Principled RL for Diffusion LLMs Emerges from a Sequence-Level Perspective

Introduction

We introduce ESPO (ELBO-based Sequence-level Policy Optimization), a principled reinforcement learning framework for dLLMs.

Unlike traditional autoregressive RL methods (e.g., GRPO) that rely on token-level likelihoods, ESPO views the entire sequence generation as a single action and leverages the ELBO as a tractable proxy for sequence-level likelihood. This design resolves the fundamental mismatch between RL and the non-autoregressive nature of dLLMs.

ESPO introduces:

Sequence-level optimization for diffusion LLMs via the ELBO objective.
Per-token normalized ratio estimation and robust KL regularization for stable large-scale training.
Consistent gains across math, coding, and planning benchmarks.

Repository Layout

├── espo/
│   ├── espo_train.py          # Entry point for diffusion RL training
│   ├── espo_trainer.py        # Sequence-level trainer implementation
│   ├── configs.py             # Configuration schemas and defaults
│   ├── rewards.py             # Reward functions for different tasks
│   ├── data_utils.py          # Data loading and processing utilities
│   └── utils/                 # Helpers (code exec, routing, logging)
├── recipes/
│   ├── train.yaml             # Base training configuration
│   ├── run_*.sh               # Task-specific launch scripts (GSM8K, Math, etc.)
│   ├── process_data.py        # Dataset preprocessing for coding tasks
│   ├── accelerate_configs/    # accelerate/distributed launch presets
├── dataset/                   # Datasets for Sudoku and Countdown tasks
├── eval/                      # Evaluation scripts for Sudoku and Countdown tasks

Installation

env=espo
conda create -n $env python=3.11 -y
conda activate $env
pip install setuptools
pip install flash-attn==2.8.0.post1 --no-build-isolation
# Install this project. Extras available: [code]
pip install -e ".[code]"

Optional: Code Task Preparation

We split a hard subset based on AceCode-89k.:

cd recipes
python process_data.py --dataset_path "TIGER-Lab/AceCode-89K" --output_path "./acecode_hard.jsonl" --difficulty "hard"

For sandboxed code execution, we recommend E2B. Set E2B_API_KEY to your token and specify code_provider="e2b" in the config. A local fallback code_provider="local" is available but not recommended for untrusted code.

Checkpoints

We release ESPO-fine-tuned checkpoints built on LLaDA-8B-Instruct.
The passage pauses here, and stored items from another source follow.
(* Let $R$ be a generalized p.q.-Baer $*$-ring whose projections form a lattice. The following are equivalent: (1) $R$ satisfies the parallelogram law; (2) whenever projections $e,f\in R$ are in position $p'$, $e\sim f$.
   Context: A $*$-ring is a ring with an involution; a projection is $e$ with $e=e^*=e^2$, ordered by $e\le f\iff e=ef$. $R$ is a generalized p.q.-Baer $*$-ring if for every $x\in R$ there are $n\in\mathbb N$ and a projection $e$ with $r_R((xR)^n)=eR$, where $r_R(S)=\{a: sa=0\ \forall s\in S\}$. Projections $e,f$ are equivalent, $e\sim f$, if there is $w\in R$ with $w^*w=e$ and $ww^*=f$. A $*$-ring whose projections form a lattice satisfies the parallelogram law if $e-e\wedge f\sim e\vee f-f$ for all projections $e,f$. Projections $e,f$ in a $*$-ring with unity whose projections form a lattice are in position $p'$ if $e\wedge(1-f)=(1-e)\wedge f=0$. In the paper, the lattice operations are related to generalized central covers $GC$ (smallest central projection $e$ with $x^ne=x^n$ for some $n$) by $e\vee f=f+GC(e(1-f))$ and $e\wedge f=e-GC(e(1-f))$. *)

From mathcomp Require Import all_boot all_order all_algebra.
Set Implicit Arguments. Unset Strict Implicit. Unset Printing Implicit Defensive.
Import GRing.Theory.
Local Open Scope ring_scope.

Definition is_involution (R : nzRingType) (star : R -> R) : Prop :=
  [/\ forall x y, star (x + y) = star x + star y,
      forall x y, star (x * y) = star y * star x
    & forall x, star (star x) = x].

Section StarRing.
Variables (R : nzRingType) (star : R -> R).

Definition is_proj (e : R) : Prop := e = star e /\ e = e * e.

Definition proj_le (e f : R) : Prop := e = e * f.

(* the set (xR)^n : finite sums of products y_1 ... y_n with y_i in xR *)
Definition prod_xR (x : R) (n : nat) (z : R) : Prop :=
  exists rs : n.-tuple R, z = \prod_(r <- rs) (x * r).
Definition pow_xR (x : R) (n : nat) (z : R) : Prop :=
  exists s : seq R, (forall y, y \in s -> prod_xR x n y) /\ z = \sum_(y <- s) y.

Definition rann (S : R -> Prop) (a : R) : Prop := forall s, S s -> s * a = 0.

Definition rideal (e : R) (a : R) : Prop := exists r, a = e * r.

Definition gen_pq_baer : Prop :=
  forall x : R, exists n : nat, exists e : R,
    (0 < n)%N /\ is_proj e /\ (forall a, rann (pow_xR x n) a <-> rideal e a).

Definition is_meet (e f m : R) : Prop :=
  [/\ is_proj m, proj_le m e, proj_le m f &
      forall g, is_proj g -> proj_le g e -> proj_le g f -> proj_le g m].
Definition is_join (e f j : R) : Prop :=
  [/\ is_proj j, proj_le e j, proj_le f j &
      forall g, is_proj g -> proj_le e g -> proj_le f g -> proj_le j g].

Definition proj_lattice : Prop :=
  forall e f, is_proj e -> is_proj f ->
    (exists m, is_meet e f m) /\ (exists j, is_join e f j).

Definition proj_equiv (e f : R) : Prop :=
  exists w, star w * w = e /\ w * star w = f.

Definition parallelogram_law : Prop :=
  forall e f m j, is_proj e -> is_proj f -> is_meet e f m -> is_join e f j ->
    proj_equiv (e - m) (j - f).

Definition position_p' (e f : R) : Prop :=
  is_meet e (1 - f) 0 /\ is_meet (1 - e) f 0.

End StarRing.

(* Only the order structure of the projections matters.  If [e] and [f]
   are in position p', then [e \/ (1 - f) = 1], so the parallelogram law for
   [e] and [1 - f] reads [e ~ f].  Conversely, for arbitrary [e] and [f] the
   projections [e - e /\ f] and [e \/ f - f] are always in position p', so
   equivalence of projections in position p' yields the parallelogram law. *)

From mathcomp Require Import all_boot all_order all_algebra.
Local Open Scope ring_scope.
Import GRing.Theory.

Set Implicit Arguments.
Unset Strict Implicit.

Section ProjectionLattice.
Variables (R : nzRingType) (star : R -> R).
Hypothesis star_inv : is_involution star.

Local Notation proj := (is_proj star).

Lemma starD x y : star (x + y) = star x + star y.
Proof. by case: star_inv. Qed.

Lemma starM x y : star (x * y) = star y * star x.
Proof. by case: star_inv. Qed.

Lemma starK x : star (star x) = x.
Proof. by case: star_inv. Qed.

Lemma star0 : star 0 = 0.
Proof. by apply: (addIr (star 0)); rewrite -starD !add0r. Qed.

Lemma starB x y : star (x - y) = star x - star y.
Proof. by apply: (addIr (star y)); rewrite -starD !subrK. Qed.

Lemma star1 : star 1 = 1.
Proof. by have := starM (star 1) 1; rewrite mulr1 starK mulr1 => <-. Qed.

Lemma proj0 : proj 0.
Proof. by split; rewrite ?star0 ?mulr0. Qed.

Lemma projC p : proj p -> proj (1 - p).
Proof.
move=> [p_sa p_idem]; split; first by rewrite starB star1 -p_sa.
by rewrite mulrBr mulr1 mulrBl mul1r -p_idem subrr subr0.
Qed.

Lemma proj_le_mull p q : proj p -> proj q -> proj_le p q -> p = q * p.
Proof. by move=> [p_sa _] [q_sa _] /(congr1 star); rewrite starM -p_sa -q_sa. Qed.

Lemma proj_orth p q : proj p -> proj q -> q * p = 0 -> p * q = 0.
Proof. by move=> [p_sa _] [q_sa _] qp0; rewrite p_sa q_sa -starM qp0 star0. Qed.

Lemma projB p q : proj p -> proj q -> proj_le q p -> proj (p - q).
Proof.
move=> Pp Pq qp; have pq := proj_le_mull Pq Pp qp.
case: Pp => p_sa p_idem; case: Pq => q_sa q_idem.
split; first by rewrite starB -p_sa -q_sa.
by rewrite mulrBr !mulrBl -p_idem -q_idem -qp -pq subrr subr0.
Qed.

Lemma proj_leC p q : proj p -> proj q -> proj_le p q -> proj_le (1 - q) (1 - p).
Proof.
move=> Pp Pq /(proj_le_mull Pp Pq) pq.
by rewrite /proj_le mulrBr mulr1 mulrBl mul1r -pq subrr subr0.
Qed.

Lemma proj_le_compl (g p : R) : proj_le g (1 - p) -> g * p = 0.
Proof.
by rewrite /proj_le mulrBr mulr1 => /eqP; rewrite -subr_eq0 opprB addrC subrK => /eqP.
Qed.

Lemma proj_le_diff g p q : proj p -> proj q -> proj_le q p ->
  proj_le g (p - q) -> g * p = g /\ g * q = 0.
Proof.
move=> Pp Pq qp gpq; have pq := proj_le_mull Pq Pp qp.
case: Pp Pq => [_ p_idem] [_ q_idem]; split.
- by rewrite gpq -mulrA mulrBl -p_idem -qp.
- by rewrite gpq -mulrA mulrBl -pq -q_idem subrr mulr0.
Qed.

Lemma meet_eq0 p q :
  (forall g, proj g -> proj_le g p -> proj_le g q -> g = 0) -> is_meet star p q 0.
Proof.
move=> only0; split; rewrite /proj_le ?mul0r //; first exact: proj0.
by move=> g Pg gp gq; rewrite (only0 g Pg gp gq) mul0r.
Qed.

Lemma join_compl_eq1 e f j : proj e -> proj f ->
  is_meet star (1 - e) f 0 -> is_join star e (1 - f) j -> j = 1.
Proof.
move=> Pe Pf [_ _ _ meet0] [Pj ej fj _].
have cj_ce : proj_le (1 - j) (1 - e) by exact: proj_leC.
have cj_f : proj_le (1 - j) f by rewrite -[f](subKr 1); exact: proj_leC (projC Pf) Pj fj.
move: (meet0 _ (projC Pj) cj_ce cj_f); rewrite /proj_le mulr0 => /eqP.
by rewrite subr_eq0 => /eqP.
Qed.

Section MeetJoin.
Variables e f m j : R.
Hypotheses (Pe : proj e) (Pf : proj f).
Hypotheses (meet_m : is_meet star e f m) (join_j : is_join star e f j).

Lemma meet_diff_compl_diff : is_meet star (e - m) (1 - (j - f)) 0.
Proof.
case: meet_m join_j => Pm me mf m_glb [Pj ej fj _].
apply: meet_eq0 => g Pg /(proj_le_diff Pe Pm me) [ge gm0] /proj_le_compl.
have gj : g * j = g by rewrite -{1}ge -mulrA -ej ge.
rewrite mulrBr gj => /eqP; rewrite subr_eq0 eq_sym => /eqP gf.
by rewrite (m_glb g Pg (esym ge) (esym gf)) gm0.
Qed.

Lemma meet_compl_diff_diff : is_meet star (1 - (e - m)) (j - f) 0.
Proof.
case: meet_m join_j => Pm me mf _ [Pj ej fj j_lub].
apply: meet_eq0 => g Pg /proj_le_compl gem /(proj_le_diff Pj Pf fj) [gj gf0].
have gm0 : g * m = 0 by rewrite (proj_le_mull Pm Pf mf) mulrA gf0 mul0r.
have ge0 : g * e = 0 by move: gem; rewrite mulrBr gm0 subr0.
have [eg0 fg0] := (proj_orth Pe Pg ge0, proj_orth Pf Pg gf0).
have jg := proj_le_mull Pg Pj (esym gj).
(* [g] is orthogonal to [e] and [f], so [j - g] is a smaller upper bound. *)
have : proj_le j (j - g).
  apply: j_lub; first exact: projB.
  - by rewrite /proj_le mulrBr -ej eg0 subr0.
  - by rewrite /proj_le mulrBr -fj fg0 subr0.
case: Pj => _ j_idem; rewrite /proj_le mulrBr -j_idem -jg => /eqP.
by rewrite eq_sym subr_eq addrC -subr_eq subrr eq_sym => /eqP.
Qed.

End MeetJoin.

End ProjectionLattice.

Theorem mainTheorem12 (R : nzRingType) (star : R -> R) :
  is_involution star ->
  gen_pq_baer star ->
  proj_lattice star ->
  (parallelogram_law star <->
   (forall e f : R, is_proj star e -> is_proj star f ->
      position_p' star e f -> proj_equiv star e f)).
Proof.
move=> star_inv _ lattice; split.
- move=> pl e f Pe Pf [meet_e_cf meet_ce_f].
  have Pcf := projC star_inv Pf.
  have [_ [j join_j]] := lattice e (1 - f) Pe Pcf.
  have := pl e (1 - f) 0 j Pe Pcf meet_e_cf join_j.
  by rewrite (join_compl_eq1 star_inv Pe Pf meet_ce_f join_j) subr0 subKr.
- move=> equiv_p' e f m j Pe Pf meet_m join_j.
  have [Pm me _ _] := meet_m; have [Pj _ fj _] := join_j.
  apply: equiv_p'; [exact: projB | exact: projB | split].
  + exact: meet_diff_compl_diff.
  + exact: meet_compl_diff_diff.
Qed.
ESPO-Code is released as a full fine-tuned model (no LoRA). ESPO-GSM8K, ESPO-Math, ESPO-Countdown, and ESPO-Sudoku are provided as LoRA adapters, which can be loaded on top of the base LLaDA-8B-Instruct model for lightweight and efficient fine-tuning.

Quick Start:

from transformers import AutoModelForCausalLM, AutoTokenizer
from peft import PeftModel
from eval.generate_utils import generate
base_model_path = 'GSAI-ML/LLaDA-8B-Instruct'
peft_model_path = 'GSAI-ML/ESPO-Math'
tokenizer = AutoTokenizer.from_pretrained(base_model_path)
model = AutoModelForCausalLM.from_pretrained(
    base_model_path, trust_remote_code=True,torch_dtype="bfloat16", device_map="cuda")
peft_model = PeftModel.from_pretrained(model, peft_model_path, device_map="cuda")
prompt = "The point $(0,0)$ is reflected over the vertical line $x=1$.  When its image is then reflected over the line $y=2$, what is the resulting point?\n\nWrite your answer in the form $(x, y)$ where $x$ and $y$ are real numbers."
messages = [{"role": "user", "content": prompt}]
input_ids = tokenizer.apply_chat_template(messages, return_tensors="pt").to("cuda")
output_ids = generate(peft_model, input_ids,tokenizer, steps=128,    gen_length=256, temperature=0.9,remasking="low_confidence",)
output_text = tokenizer.batch_decode(output_ids[:, input_ids.shape[1]:], skip_special_tokens=True)[0]
print(output_text)

Training

We provide RL training scripts in the recipes directory.

Example:

bash recipes/run_demo_llada.sh

For LLaDA-8B-Instruct, we include both a demo script and task-specific scripts for GSM8K, Math, Countdown, Sudoku, and Coding. For Dream-7B-Instruct, we provide a demo script (run_demo_dream.sh), and all task scripts can be easily adapted by modifying the parameters in this demo. You may also customize settings directly in the corresponding run_*.sh files or in train.yaml.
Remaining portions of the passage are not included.